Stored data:
Definition lower_set (C0 : set (V -> V)) (O : set ((V -> V) -> C)) :
  set (Defs.point V) :=
  [set q | Sigma ip A q /\ q.1 `<=` C0 /\ (q.1 = C0 -> O q.2)].

Lemma above_refl p : Sigma ip A p -> above p p.
Proof. by case: p => D l [VD chl]; do 2?split=> //; exact: restr_character. Qed.

Lemma above_antisym p q : above p q -> above q p -> p = q.
Proof.
case: p q => [D1 l1] [D2 l2] [[_ chl2] [/= D12 <-]] [_ [/= D21 _]].
have eD : D1 = D2 by apply/seteqP; split.
by rewrite -eD in chl2 *; rewrite restr_character.
Qed.

Lemma Sigma_open_compl_above p :
  Sigma ip A p -> Sigma_open ip A (Sigma ip A `\` above p).
Proof.
case: p => C0 l0 [VC0 chl0]; rewrite /= in VC0 chl0.
split; first by move=> q [].
split=> [Cc VCc|Cc l D [[VCc chl] nabove] VD DCc].
- split=> [l [[_ chl] _] //|l [[_ chl] nabove]].
  have [C0Cc|nC0Cc] := pselect (C0 `<=` Cc); last first.
    by apply: gelfand_nbhs_full => m chm; split=> //; case=> _ [].
  have [T neT] : exists T, restr C0 l T <> l0 T.
    apply/existsNP => eql; apply: nabove; do 2?split=> //; exact: funext.
  have C0T : C0 T.
    by apply: contrapT => nC0T; apply: neT; rewrite restr_out // (character_out chl0).
  rewrite restr_in // in neT.
  apply: (gelfand_nbhs_ball (C0Cc _ C0T) (r := `|l T - l0 T|)).
    by rewrite normr_gt0 subr_eq0; apply/eqP.
  move=> m [chm lt_ml]; split=> //; case=> _ [_ /(congr1 (fun f => f T))] /=.
  by rewrite restr_in // => mT; move: lt_ml; rewrite mT distrC ltxx.
- split; first by split=> //=; exact: (character_restr VCc VD DCc chl).
  case=> /= _ [C0D eql0]; apply: nabove; split=> //; split=> /=.
    exact: subset_trans C0D DCc.
  by rewrite -(restr_restr l C0D).
Qed.

Lemma Sigma_closed_compl W : Sigma_open ip A W -> Sigma_closed ip A (Sigma ip A `\` W).
Proof.
move=> oW; split; first by move=> q [].
by rewrite setDD setIidr //; exact: oW.1.
Qed.

Lemma Sigma_closed_above p : Sigma ip A p -> Sigma_closed ip A (above p).
Proof.
move=> Sp; have := Sigma_closed_compl (Sigma_open_compl_above Sp).
by rewrite setDD setIidr // => q [].
Qed.

Lemma Sigma_closed_upward F p q :
  Sigma_closed ip A F -> F p -> above p q -> F q.
Proof.
case: p q => [D1 l1] [D2 l2] [FS [_ [_ Fc_down]]] Fp [Sq [/= D12 eql1]].
rewrite -eql1 in Fp; apply: contrapT => nFq.
by have [] := Fc_down D2 l2 D1 (conj Sq nFq) (FS _ Fp).1 D12.
Qed.

Lemma Sigma_closure_set1 p : Sigma ip A p -> Sigma_closure ip A [set p] = above p.
Proof.
move=> Sp; apply/seteqP; split=> [q [_ q_cl]|q q_above].
  by apply: q_cl; [exact: Sigma_closed_above | move=> _ ->; exact: above_refl].
split; first by case: q_above.
by move=> F cF pF; apply: Sigma_closed_upward q_above => //; exact: pF.
Qed.

Lemma Sigma_open_lower_set C0 O :
  VA ip A C0 -> gelfand_open C0 O -> Sigma_open ip A (lower_set C0 O).
Proof.
move=> VC0 [_ O_nbhs]; split; first by move=> q [].
split=> [Cc VCc|Cc l D [[VCc chl] [CcC0 Ol]] VD DCc].
- split=> [l [[]]//|l [[_ chl] [CcC0 Ol]]].
  have [eCc|neCc] := pselect (Cc = C0); last first.
    by apply: gelfand_nbhs_full => m chm; split; [by split | split=> // /neCc].
  rewrite eCc in chl Ol *; have [n [a [e [C0a [e_gt0 lO]]]]] := O_nbhs l (Ol erefl).
  exists n, a, e; do 2?split=> //.
  by move=> m chm lm; split; [by split | split=> // _; exact: lO].
- split; first by split=> //=; exact: (character_restr VCc VD DCc chl).
  split=> /=; first exact: subset_trans DCc CcC0.
  move=> eD; have eCc : Cc = C0 by apply/seteqP; split=> //; rewrite -eD.
  by rewrite eD -eCc restr_character //; apply: Ol.
Qed.

Lemma irreducible_meet F W1 W2 : irreducible_closed ip A F ->
  Sigma_open ip A W1 -> Sigma_open ip A W2 ->
  (exists2 p, F p & W1 p) -> (exists2 p, F p & W2 p) ->
  exists p, [/\ F p, W1 p & W2 p].
Proof.
move=> [[FS _] [_ F_irr]] oW1 oW2 [p1 Fp1 W1p1] [p2 Fp2 W2p2].
apply: contrapT => nmeet.
have cover : F `<=` (Sigma ip A `\` W1) `|` (Sigma ip A `\` W2).
  move=> q Fq; have Sq := FS _ Fq.
  have [W1q|] := pselect (W1 q); last by left.
  by right; split=> // W2q; apply: nmeet; exists q.
have [/(_ _ Fp1)|/(_ _ Fp2)] :=
  F_irr _ _ (Sigma_closed_compl oW1) (Sigma_closed_compl oW2) cover; by case.
Qed.

Section MinimalContext.
Variable F : set (Defs.point V).
Hypothesis F_irr : irreducible_closed ip A F.
Variable C0 : set (V -> V).
Hypothesis C0_min : forall q, F q -> q.1 `<=` C0 -> q.1 = C0.

Lemma irreducible_fiber_uniq l l0 : F (C0, l) -> F (C0, l0) -> l = l0.
Proof.
move=> Fl Fl0; have FS := F_irr.1.1.
have [VC0 chl] : VA ip A C0 /\ character C0 l := FS _ Fl.
have chl0 : character C0 l0 := (FS _ Fl0).2.
apply: funext => T; apply: contrapT => neT.
have C0T : C0 T.
  by apply: contrapT => nC0T; apply: neT; rewrite (character_out chl) ?(character_out chl0).
pose r := `|l T - l0 T| / 2.
have r_gt0 : 0 < r by rewrite divr_gt0 // normr_gt0 subr_eq0; apply/eqP.
pose W l' := lower_set C0 (gelfand_ball C0 T l' r).
have W_self l' : F (C0, l') -> W l' (C0, l').
  move=> Fl'; split; first exact: FS.
  by split=> // _; split; [exact: (FS _ Fl').2 | rewrite subrr normr0].
have [[D m] [Fm [_ [DC0 ml]] [_ [_ ml0]]]] := irreducible_meet F_irr
  (Sigma_open_lower_set VC0 (gelfand_open_ball l r C0T))
  (Sigma_open_lower_set VC0 (gelfand_open_ball l0 r C0T))
  (ex_intro2 _ _ _ Fl (W_self _ Fl)) (ex_intro2 _ _ _ Fl0 (W_self _ Fl0)).
have eD := C0_min Fm DC0; have [_ lt_ml] := ml eD; have [_ lt_ml0] := ml0 eD.
have : `|l T - l0 T| < r + r.
  by apply: le_lt_trans (ler_distD (m T) _ _) _; rewrite distrC ltrD.
by rewrite -splitr ltxx.
Qed.

Lemma irreducible_above l0 : F (C0, l0) -> F = above (C0, l0).
Proof.
move=> Fl0; have FS := F_irr.1.1; have S0 := FS _ Fl0.
apply/seteqP; split=> q; last exact: Sigma_closed_upward F_irr.1 Fl0.
move=> Fq; apply: contrapT => nabove.
have [[D l] [Fl [_ nabove_l] [_ [DC0 _]]]] := irreducible_meet F_irr
  (Sigma_open_compl_above S0) (Sigma_open_lower_set S0.1 (gelfand_open_character C0))
  (ex_intro2 _ _ _ Fq (conj (FS _ Fq) nabove))
  (ex_intro2 _ _ _ Fl0 (conj S0 (conj (@subset_refl _ C0) (fun _ => S0.2)))).
have /= eD := C0_min Fl DC0; rewrite eD in Fl nabove_l.
by apply: nabove_l; rewrite (irreducible_fiber_uniq Fl Fl0); exact: above_refl.
Qed.

End MinimalContext.

Definition VA_mincond := forall S : set (set (V -> V)), S `<=` VA ip A -> S !=set0 ->
  exists2 C0, S C0 & forall D, S D -> D `<=` C0 -> D = C0.

Lemma Sigma_sober_mincond : VA_mincond -> Sigma_sober ip A.
Proof.
move=> mincond F F_irr; have [[FS _] [[[D l] Fl] _]] := F_irr.
have [C0 [_ [l0 Fl0]] C0_min] :=
  mincond [set D | VA ip A D /\ exists l, F (D, l)] (fun _ => @proj1 _ _)
    (ex_intro _ D (conj (FS _ Fl).1 (ex_intro _ l Fl))).
have F_min : forall q, F q -> q.1 `<=` C0 -> q.1 = C0.
  by move=> [D' l'] Fq; apply: C0_min; split; [exact: (FS _ Fq).1 | exists l'].
have F_above := irreducible_above F_irr F_min Fl0.
have S0 := FS _ Fl0.
exists (C0, l0); split=> [|q [Sq]]; first by rewrite Sigma_closure_set1.
rewrite Sigma_closure_set1 // F_above => eq_above.
apply: above_antisym; first by rewrite eq_above; exact: above_refl.
by rewrite -eq_above; exact: above_refl.
Qed.
(* Let $f:\mathbb{R}^{n_0}\to\mathbb{R}^{n_m}$ be an $m$-layer ReLU network with weights $\mathbf{W}^{(k)}$ and biases $\bm{b}^{(k)}$, let $\bm{x}_0\in\mathbb{R}^{n_0}$, $p\in[1,\infty]$, $\epsilon>0$, and let $\bm{l}^{(k)},\bm{u}^{(k)}$, $k\in[m-1]$, be valid pre-ReLU activation bounds on $B_p(\bm{x}_0,\epsilon)$ as described below. For each $j\in[n_m]$ define $$\gamma^L_j=\mu^-_j+\nu_j-\epsilon\|\mathbf{A}^{(0)}_{j,:}\|_q,\qquad \gamma^U_j=\mu^+_j+\nu_j+\epsilon\|\mathbf{A}^{(0)}_{j,:}\|_q,$$ where $1/p+1/q=1$, $\mu^+_j=-\sum_{k=1}^{m-1}\mathbf{A}^{(k)}_{j,:}\mathbf{T}^{(k)}_{:,j}$, $\mu^-_j=-\sum_{k=1}^{m-1}\mathbf{A}^{(k)}_{j,:}\mathbf{H}^{(k)}_{:,j}$ and $\nu_j=\mathbf{A}^{(0)}_{j,:}\bm{x}_0+\bm{b}^{(m)}_j+\sum_{k=1}^{m-1}\mathbf{A}^{(k)}_{j,:}\bm{b}^{(k)}$. Then for every $j\in[n_m]$, $\gamma^L_j\le f_j(\bm{x})\le\gamma^U_j$ for all $\bm{x}\in B_p(\bm{x}_0,\epsilon)$.
   Context: Network: $\phi_0(\bm{x})=\bm{x}$; for $k\in[m-1]$, $\phi_k(\bm{x})=\sigma(\mathbf{W}^{(k)}\phi_{k-1}(\bm{x})+\bm{b}^{(k)})$, $\mathbf{W}^{(k)}\in\mathbb{R}^{n_k\times n_{k-1}}$, $\bm{b}^{(k)}\in\mathbb{R}^{n_k}$, $\sigma(\bm{y})=\max(\bm{y},\bm{0})$ elementwise; $f(\bm{x})=\mathbf{W}^{(m)}\phi_{m-1}(\bm{x})+\bm{b}^{(m)}$. $B_p(\bm{x}_0,\epsilon)=\{\bm{x}:\|\bm{x}-\bm{x}_0\|_p\le\epsilon\}$. Standing assumption: for each $k\in[m-1]$, $r\in[n_k]$, $\bm{l}^{(k)}_r\le\bm{u}^{(k)}_r$ and $\bm{l}^{(k)}_r\le\mathbf{W}^{(k)}_{r,:}\phi_{k-1}(\bm{x})+\bm{b}^{(k)}_r\le\bm{u}^{(k)}_r$ for all $\bm{x}\in B_p(\bm{x}_0,\epsilon)$. Index sets: $\mathcal{I}^+_k=\{r:\bm{u}^{(k)}_r\ge\bm{l}^{(k)}_r\ge0\}$, $\mathcal{I}^-_k=\{r:\bm{l}^{(k)}_r\le\bm{u}^{(k)}_r\le0\}$, $\mathcal{I}_k=\{r:\bm{l}^{(k)}_r<0<\bm{u}^{(k)}_r\}$. $\mathbf{D}^{(0)}=I_{n_0}$; for $k\in[m-1]$, $\mathbf{D}^{(k)}$ is diagonal $n_k\times n_k$ with $\mathbf{D}^{(k)}_{r,r}=\frac{\bm{u}^{(k)}_r}{\bm{u}^{(k)}_r-\bm{l}^{(k)}_r}$ if $r\in\mathcal{I}_k$, $1$ if $r\in\mathcal{I}^+_k$, $0$ if $r\in\mathcal{I}^-_k$. $\mathbf{A}^{(m-1)}=\mathbf{W}^{(m)}\mathbf{D}^{(m-1)}$ and for $k=m-1,\dots,1$, $\mathbf{A}^{(k-1)}=\mathbf{A}^{(k)}\mathbf{W}^{(k)}\mathbf{D}^{(k-1)}$. For $k\in[m-1]$, $\mathbf{T}^{(k)},\mathbf{H}^{(k)}\in\mathbb{R}^{n_k\times n_m}$ with $\mathbf{T}^{(k)}_{r,j}=\bm{l}^{(k)}_r$ if $r\in\mathcal{I}_k$ and $\mathbf{A}^{(k)}_{j,r}>0$ (else $0$), and $\mathbf{H}^{(k)}_{r,j}=\bm{l}^{(k)}_r$ if $r\in\mathcal{I}_k$ and $\mathbf{A}^{(k)}_{j,r}<0$ (else $0$). *)

From HB Require Import structures.
From mathcomp Require Import all_boot all_order all_algebra.
From mathcomp Require Import reals ereal exp.
Set Implicit Arguments. Unset Strict Implicit. Unset Printing Implicit Defensive.
Import Order.TTheory GRing.Theory Num.Theory.
Local Open Scope ring_scope.

Section Defs.
Variable R : realType.

Definition lpnorm (p : \bar R) (k : nat) (v : 'I_k -> R) : R :=
  match p with
  | +oo%E => \big[Num.max/0]_(i < k) `|v i|
  | (r%:E)%E => (\sum_(i < k) (`|v i| `^ r)) `^ (r^-1)
  | -oo%E => 0
  end.

(* Hoelder conjugate exponent q of p (1/p + 1/q = 1), for p in [1, +oo]. *)
Definition hconj (p : \bar R) : \bar R :=
  match p with
  | +oo%E => 1%:E
  | (r%:E)%E => if r == 1 then +oo%E else (r / (r - 1))%:E
  | -oo%E => 1%:E
  end.

Definition relu (k : nat) (y : 'cV[R]_k) : 'cV[R]_k :=
  \col_i Num.max (y i 0) 0.

(* Network with dimensions n 0, ..., n M.+1 (i.e. m = M+1 layers).
   W k, b k are the paper's W^{(k+1)}, b^{(k+1)}. *)
Variables (n : nat -> nat)
  (W : forall k : nat, 'M[R]_(n k.+1, n k))
  (b : forall k : nat, 'cV[R]_(n k.+1)).

Fixpoint phi (k : nat) (x : 'cV[R]_(n 0)) : 'cV[R]_(n k) :=
  match k as k0 return 'cV[R]_(n k0) with
  | 0 => x
  | k'.+1 => relu (W k' *m phi k' x + b k')
  end.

▸ **Exercise goal**:
Go to the line with "case: p q => [D1 l1] [D2 l2] [[_" in the entries above and repeat every line from there through the line with "rewrite restr_in // in neT.", exactly and with no other text.

▸ **Output of the exercise**:
case: p q => [D1 l1] [D2 l2] [[_ chl2] [/= D12 <-]] [_ [/= D21 _]].
have eD : D1 = D2 by apply/seteqP; split.
by rewrite -eD in chl2 *; rewrite restr_character.
Qed.

Lemma Sigma_open_compl_above p :
  Sigma ip A p -> Sigma_open ip A (Sigma ip A `\` above p).
Proof.
case: p => C0 l0 [VC0 chl0]; rewrite /= in VC0 chl0.
split; first by move=> q [].
split=> [Cc VCc|Cc l D [[VCc chl] nabove] VD DCc].
- split=> [l [[_ chl] _] //|l [[_ chl] nabove]].
  have [C0Cc|nC0Cc] := pselect (C0 `<=` Cc); last first.
    by apply: gelfand_nbhs_full => m chm; split=> //; case=> _ [].
  have [T neT] : exists T, restr C0 l T <> l0 T.
    apply/existsNP => eql; apply: nabove; do 2?split=> //; exact: funext.
  have C0T : C0 T.
    by apply: contrapT => nC0T; apply: neT; rewrite restr_out // (character_out chl0).
  rewrite restr_in // in neT.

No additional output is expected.